# World Bank Ed Stats Model Building

This data has been collected and encoded by the World Bank as indicators for educational performance and attainment, as well as expenditure on education, since 1970. The data spans the countries of the world and aggregates some regions and socio-economic distinctions. The dataset is sparse, however, with a majority of null values. As I prepare the dataset for modeling, I have three objectives:

### Arrange the Data 
### Context and Visualizations
### Null Handling and Feature Selection

In [1]:
import pandas as pd
import numpy as np
import matplotlib.pyplot as plt
import seaborn as sns
from collections import Counter

%matplotlib inline

#Open and read the CSV file to a Dataframe
data = pd.read_csv('EdStatsData.csv')

# Save a dictionary matching the indicator code to its indicator name
ind_codes = data['Indicator Code'].unique().tolist()
ind_names = data['Indicator Name'].unique().tolist()
indicator_dict = {k:v for (k,v) in zip(ind_codes, ind_names)}
#data.dropna(axis=1, thresh=75000, inplace=True)

## Arrange the Data
First, we will remove some of the unnecessary columns, like country codes, indicator names, and future years. There are far too many indicators to check the missing values for each, so we will isolate the indicator group from the prefix to the indicator code. Then we will separate the data frame into countries, regions, and socio-economic levels.
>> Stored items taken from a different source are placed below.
(* Let $G=(V,E)$ be a graph and $X \subseteq V$ a set of vertices such that every vertex of $V \setminus X$ has degree at most $2$ in $G$. For all positive integers $\ell, p$: if there exists a set $S \subseteq V$ with $|S| \le p$ such that every connected component of $G - S$ has at most $\ell$ vertices, then there exists such a set $S$ (with $|S| \le p$ and all components of $G-S$ of size at most $\ell$) which additionally satisfies: for every cycle $C$ of $G$ with $C \cap X \neq \emptyset$, either $C \cap S = \emptyset$ or $C \cap X \cap S \neq \emptyset$.
   Context: Graphs are finite, simple and undirected; a cycle $C$ is identified with its vertex set when intersecting with vertex sets. *)

From mathcomp Require Import all_boot.
Set Implicit Arguments. Unset Strict Implicit. Unset Printing Implicit Defensive.

(* A finite simple graph: vertex type T : finType, symmetric irreflexive e. *)

Definition deg (T : finType) (e : rel T) (v : T) : nat := #|[set w | e v w]|.

Definition del_rel (T : finType) (e : rel T) (S : {set T}) : rel T :=
  [rel x y | [&& e x y, x \notin S & y \notin S]].

(* vertex set of the connected component of v in G - S (v assumed outside S) *)
Definition comp_of (T : finType) (e : rel T) (S : {set T}) (v : T) : {set T} :=
  [set w | connect (del_rel e S) v w].

Definition comps_bounded (T : finType) (e : rel T) (S : {set T}) (l : nat) : Prop :=
  forall v, v \notin S -> #|comp_of e S v| <= l.

(* c is (a cyclic listing of the vertices of) a cycle of G:
   at least 3 distinct vertices, consecutive ones adjacent, last adjacent to first *)
Definition is_cycle (T : finType) (e : rel T) (c : seq T) : Prop :=
  [/\ 3 <= size c, uniq c & cycle e c].

Definition cset (T : finType) (c : seq T) : {set T} := [set x in c].

From mathcomp Require Import all_boot.
Set Implicit Arguments. Unset Strict Implicit. Unset Printing Implicit Defensive.

(* Among the admissible sets S choose one maximising |S ∩ X|, and suppose a
   cycle C meets X and S but not X ∩ S.  Rotate S forward along C by the least
   r > 0 that carries some vertex of S ∩ C onto X.  A vertex of C outside X has
   degree 2, so its neighbours are its two neighbours on C; and for a vertex z
   of C ∩ X outside the rotated set, the r vertices preceding z on C avoid S by
   minimality of r.  Hence rotating back maps each component of the new graph
   injectively into a component of G - S, so components stay small, while the
   rotated set meets X in strictly more vertices. *)

Lemma iter_can (T : Type) (f g : T -> T) n : cancel f g -> cancel (iter n f) (iter n g).
Proof. by move=> fK; elim: n => // n IHn x; rewrite [iter n.+1 f x]iterS iterSr fK. Qed.

Lemma iter_commute (T : Type) (f g : T -> T) n :
  (forall x, g (f x) = f (g x)) -> forall x, iter n g (f x) = f (iter n g x).
Proof. by move=> gf x; elim: n => //= n ->; rewrite gf. Qed.

Lemma connect_homo (T : finType) (e e' : rel T) (h : T -> T) :
  (forall x y, e x y -> connect e' (h x) (h y)) ->
  forall x y, connect e x y -> connect e' (h x) (h y).
Proof.
move=> he x _ /connectP[p + ->]; elim: p x => [|y p IHp] x /=; first by rewrite connect0.
by case/andP=> /he xy /IHp; apply: connect_trans.
Qed.

Section CycleNextPrev.
Variables (T : finType) (c : seq T).

Lemma next_notin x : x \notin c -> next c x = x.
Proof. by rewrite next_nth => /negbTE ->. Qed.

Lemma prev_notin x : x \notin c -> prev c x = x.
Proof. by rewrite prev_nth => /negbTE ->. Qed.

Lemma mem_iter_next n x : (iter n (next c) x \in c) = (x \in c).
Proof. by elim: n => //= n IHn; rewrite mem_next. Qed.

Lemma mem_iter_prev n x : (iter n (prev c) x \in c) = (x \in c).
Proof. by elim: n => //= n IHn; rewrite mem_prev. Qed.

Lemma next_neq_prev x : 3 <= size c -> uniq c -> x \in c -> next c x != prev c x.
Proof.
move=> c3 Uc xc; apply/eqP => nx_px.
have x2x : iter 2 (next c) x = x by rewrite /= nx_px next_prev.
have := findex_iter (f := next c) (x := x) (i := 2).
by rewrite (order_cycle (cycle_next Uc) Uc xc) x2x findex0 => /(_ c3).
Qed.

End CycleNextPrev.

Lemma del_rel_sym (T : finType) (e : rel T) (S : {set T}) :
  symmetric e -> symmetric (del_rel e S).
Proof.
by move=> e_sym x y; rewrite /del_rel /= e_sym; case: (x \in S); rewrite ?andbF ?andbT.
Qed.

Lemma comps_boundedP (T : finType) (e : rel T) (S : {set T}) (l : nat) :
  reflect (comps_bounded e S l) [forall (v | v \notin S), #|comp_of e S v| <= l].
Proof. exact: forall_inP. Qed.

Lemma comps_bounded_imset (T : finType) (e : rel T) (S : {set T}) (l : nat)
    (s s' : T -> T) :
  cancel s s' -> cancel s' s ->
  (forall x y, del_rel e (s @: S) x y -> connect (del_rel e S) (s' x) (s' y)) ->
  comps_bounded e S l -> comps_bounded e (s @: S) l.
Proof.
move=> sK s'K edge_back bS v vS.
have s'vS : s' v \notin S by apply: contra vS => ?; rewrite -[v]s'K imset_f.
apply: leq_trans (bS _ s'vS); rewrite -(card_imset (comp_of e S (s' v)) (can_inj sK)).
apply/subset_leq_card/subsetP => w; rewrite inE => vw.
by rewrite -[w]s'K; apply: imset_f; rewrite inE; apply: connect_homo vw.
Qed.

Lemma adj_cycle_deg2 (T : finType) (e : rel T) (c : seq T) x y :
  symmetric e -> 3 <= size c -> uniq c -> cycle e c ->
  x \in c -> deg e x <= 2 -> e x y -> (y == next c x) || (y == prev c x).
Proof.
move=> e_sym c3 Uc Cc xc dx exy.
have sub : [set next c x; prev c x] \subset [set w | e x w].
  apply/subsetP => w; rewrite !inE => /orP[] /eqP ->; first exact: next_cycle.
  by rewrite e_sym; exact: prev_cycle.
have : [set next c x; prev c x] = [set w | e x w].
  by apply/eqP; rewrite eqEcard sub cards2 next_neq_prev.
by move/setP/(_ y); rewrite !inE exy.
Qed.

Section RotateAlongCycle.
Variables (T : finType) (e : rel T) (X S : {set T}) (c : seq T).
Hypotheses (e_sym : symmetric e) (deg_notX : forall v, v \notin X -> deg e v <= 2).
Hypotheses (c3 : 3 <= size c) (Uc : uniq c) (Cc : cycle e c).
Hypotheses (cS : cset c :&: S != set0) (cX : cset c :&: X != set0)
  (cXS : cset c :&: X :&: S = set0).

Lemma notin_S_cycle_X z : z \in c -> z \in X -> z \notin S.
Proof.
move=> zc zX; apply/negP => zS.
by have := in_set0 z; rewrite -cXS !inE zc zX zS.
Qed.

Definition hits_X t := (0 < t) && [exists y in cset c :&: S, iter t (next c) y \in X].

Lemma exists_hits_X : exists t, hits_X t.
Proof.
have [y0] := set0Pn _ cS; rewrite !inE => /andP[y0c y0S].
have [x0] := set0Pn _ cX; rewrite !inE => /andP[x0c x0X].
have y0x0 : fconnect (next c) y0 x0 by rewrite (fconnect_cycle (cycle_next Uc) y0c).
exists (findex (next c) y0 x0); apply/andP; split.
  rewrite lt0n; apply: contraTneq y0S => f0.
  by move: (iter_findex y0x0); rewrite f0 /= => ->; apply: notin_S_cycle_X.
by apply/exists_inP; exists y0; rewrite ?iter_findex // !inE y0c.
Qed.

Let shift := ex_minn exists_hits_X.

Lemma hits_X_shift : hits_X shift.
Proof. by rewrite /shift; case: ex_minnP. Qed.

Lemma shift_min t : hits_X t -> shift <= t.
Proof. by rewrite /shift; case: ex_minnP => r _; apply. Qed.

Local Notation rho := (iter shift (next c)).
Local Notation rho' := (iter shift (prev c)).

Lemma rhoK : cancel rho rho'. Proof. exact/iter_can/prev_next. Qed.
Lemma rhoK' : cancel rho' rho. Proof. exact/iter_can/next_prev. Qed.

Lemma rho'_notin_S z : z \notin rho @: S -> rho' z \notin S.
Proof. by apply: contra => zS; rewrite -[z]rhoK' imset_f. Qed.

Lemma iter_prev_notin_S z k : z \in c -> z \in X -> z \notin rho @: S ->
  k <= shift -> iter k (prev c) z \notin S.
Proof.
(* k = 0 by [cXS], 0 < k < shift by minimality of [shift], k = shift as z is not rotated. *)
move=> zc zX zS'; case: k => [_|k kr]; first exact: notin_S_cycle_X.
apply/negP => kzS.
have hk : hits_X k.+1.
  apply/andP; split=> //; apply/exists_inP; exists (iter k.+1 (prev c) z).
    by rewrite !inE mem_iter_prev zc.
  by rewrite (iter_can _ (next_prev Uc)).
have kE : k.+1 = shift by apply/eqP; rewrite eqn_leq kr shift_min.
by move: zS'; rewrite -[z]rhoK' -kE imset_f.
Qed.

Lemma notin_S_unrotated z : z \notin rho @: S -> (z \in c) ==> (z \in X) -> z \notin S.
Proof.
move=> zS'; case: (boolP (z \in c)) => [zc|zc _]; first exact: notin_S_cycle_X.
by move: (rho'_notin_S zS'); rewrite iter_fix ?prev_notin.
Qed.

Lemma connect_rho' z : z \notin rho @: S -> (z \in c) ==> (z \in X) ->
  connect (del_rel e S) (rho' z) z.
Proof.
move=> zS'; case: (boolP (z \in c)) => [zc /= zX|zc _]; last first.
  by rewrite iter_fix ?prev_notin ?connect0.
suff : forall k, k <= shift -> connect (del_rel e S) (iter k (prev c) z) z by apply.
elim=> [|k IHk] kr; first exact: connect0.
apply: connect_trans (IHk (ltnW kr)); apply: connect1.
have kzS := iter_prev_notin_S zc zX zS' kr.
have kzS' := iter_prev_notin_S zc zX zS' (ltnW kr).
by rewrite /del_rel /= prev_cycle ?mem_iter_prev ?kzS.
Qed.

Lemma del_rel_rho'_cycle x y : x \in c -> x \notin X ->
  del_rel e (rho @: S) x y -> del_rel e S (rho' x) (rho' y).
Proof.
move=> xc xX /and3P[exy xS' yS'].
have := adj_cycle_deg2 e_sym c3 Uc Cc xc (deg_notX xX) exy.
rewrite /del_rel /= !rho'_notin_S ?andbT //.
have rho'xc : rho' x \in c by rewrite mem_iter_prev.
case/orP=> /eqP ->.
  by rewrite iter_commute ?next_cycle // => z; rewrite next_prev ?prev_next.
by rewrite -iterSr /= e_sym prev_cycle.
Qed.

Lemma del_rel_rho' x y :
  del_rel e (rho @: S) x y -> connect (del_rel e S) (rho' x) (rho' y).
Proof.
have del_symS := sym_connect_sym (del_rel_sym S e_sym).
move=> xy; have /and3P[exy xS' yS'] := xy.
case: (boolP ((x \in c) ==> (x \in X))) => [xok|]; last first.
  by rewrite negb_imply => /andP[xc xX]; apply/connect1/del_rel_rho'_cycle.
case: (boolP ((y \in c) ==> (y \in X))) => [yok|]; last first.
  rewrite negb_imply => /andP[yc yX]; rewrite del_symS.
  by apply/connect1/del_rel_rho'_cycle; rewrite // del_rel_sym.
apply: connect_trans (connect_rho' xS' xok) _.
rewrite del_symS; apply: connect_trans (connect_rho' yS' yok) _.
apply: connect1; rewrite del_rel_sym // /del_rel /= exy.
by rewrite (notin_S_unrotated xS' xok) (notin_S_unrotated yS' yok).
Qed.

Lemma card_rotate_X : #|S :&: X| < #|rho @: S :&: X|.
Proof.
apply: proper_card; apply/properP; split.
  apply/subsetP => z; rewrite !inE => /andP[zS zX]; rewrite zX andbT.
  have zc : z \notin c by apply: contraTN zS => zc; apply: notin_S_cycle_X.
  by rewrite -[z](iter_fix shift (next_notin zc)); apply: imset_f.
have /andP[_ /exists_inP[y]] := hits_X_shift; rewrite !inE => /andP[yc yS] yX.
exists (rho y); first by rewrite !inE yX imset_f.
by rewrite !inE yX andbT notin_S_cycle_X ?mem_iter_next.
Qed.

Lemma rotate_gains_X l : comps_bounded e S l ->
  exists S' : {set T}, [/\ #|S'| = #|S|, comps_bounded e S' l & #|S :&: X| < #|S' :&: X|].
Proof.
move=> bS; exists (rho @: S); split; last exact: card_rotate_X.
- exact/card_imset/can_inj/rhoK.
- exact: comps_bounded_imset rhoK rhoK' del_rel_rho' bS.
Qed.

End RotateAlongCycle.

Theorem lemma9 (T : finType) (e : rel T) (e_sym : symmetric e)
  (e_irr : irreflexive e) (X : {set T})
  (HX : forall v, v \notin X -> deg e v <= 2)
  (l p : nat) (hl : 0 < l) (hp : 0 < p) :
  (exists S : {set T}, #|S| <= p /\ comps_bounded e S l) ->
  exists S : {set T}, [/\ #|S| <= p, comps_bounded e S l &
    forall c : seq T, is_cycle e c -> cset c :&: X != set0 ->
      cset c :&: S == set0 \/ cset c :&: X :&: S != set0].
Proof.
move=> [S0 [S0p S0b]].
pose admissible (S : {set T}) :=
  (#|S| <= p) && [forall (v | v \notin S), #|comp_of e S v| <= l].
have admS0 : admissible S0 by rewrite /admissible S0p; apply/comps_boundedP.
case: (arg_maxnP (fun S => #|S :&: X|) admS0) => S /andP[Sp /comps_boundedP Sb] Smax.
exists S; split=> // c [c3 Uc Cc] cX.
have [cS|cS] := eqVneq (cset c :&: S) set0; [by left | right].
apply/negP => /eqP cXS.
have [S' [S'S S'b S'X]] := rotate_gains_X e_sym HX c3 Uc Cc cS cX cXS Sb.
have /Smax : admissible S' by rewrite /admissible S'S Sp; apply/comps_boundedP.
by move/(leq_trans S'X); rewrite ltnn.
Qed.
Our immediate interest is the set of countries.

In [2]:
# Remove columns for years that have yet to happen
data.drop(['Country Code', 'Indicator Name', '2020', '2025', '2030', '2035', '2040', '2045', '2050', '2055',
          '2060', '2065', '2070', '2075', '2080', '2085', '2090', '2095', '2100', 'Unnamed: 69'], axis=1, inplace=True)
data.head()

Unnamed: 0,Country Name,Indicator Code,1970,1971,1972,1973,1974,1975,1976,1977,...,2008,2009,2010,2011,2012,2013,2014,2015,2016,2017
0,Arab World,UIS.NERA.2,,,,,,,,,...,,,,,,,,,,
1,Arab World,UIS.NERA.2.F,,,,,,,,,...,,,,,,,,,,
2,Arab World,UIS.NERA.2.GPI,,,,,,,,,...,,,,,,,,,,
3,Arab World,UIS.NERA.2.M,,,,,,,,,...,,,,,,,,,,
4,Arab World,SE.PRM.TENR,54.822121,54.894138,56.209438,57.267109,57.991138,59.36554,60.999962,61.92268,...,84.011871,84.195961,85.211998,85.24514,86.101669,85.51194,85.320152,,,


In [3]:
# Create a column to separate out the group from the indicator
data['Indicator Group'] = [s.split('.')[0] for s in data['Indicator Code']] 

In [4]:
# Separate data frame by country, region, or socio-economic distinction
regions = ['Arab World', 'East Asia & Pacific', 'East Asia & Pacific (excluding high income)', 'Euro area', 'Europe & Central Asia', 
 'Europe & Central Asia (excluding high income)', 'European Union', 'Latin America & Caribbean', 'Latin America & Caribbean (excluding high income)', 
  'Middle East & North Africa', 'Middle East & North Africa (excluding high income)', 'Middle income', 'North America', 'South Asia', 
           'Sub-Saharan Africa', 'Sub-Saharan Africa (excluding high income)', 'OECD members', 'World']

income_levels = ['Heavily indebted poor countries (HIPC)', 'High income', 'Least developed countries: UN classification', 'Low & middle income', 
 'Low income', 'Lower middle income', 'Upper middle income']

reg_df = data[data['Country Name'].isin(regions)]

inc_df = data[data['Country Name'].isin(income_levels)]

cntry_df = data[~data['Country Name'].isin(regions)]
cntry_df = cntry_df[~cntry_df['Country Name'].isin(income_levels)]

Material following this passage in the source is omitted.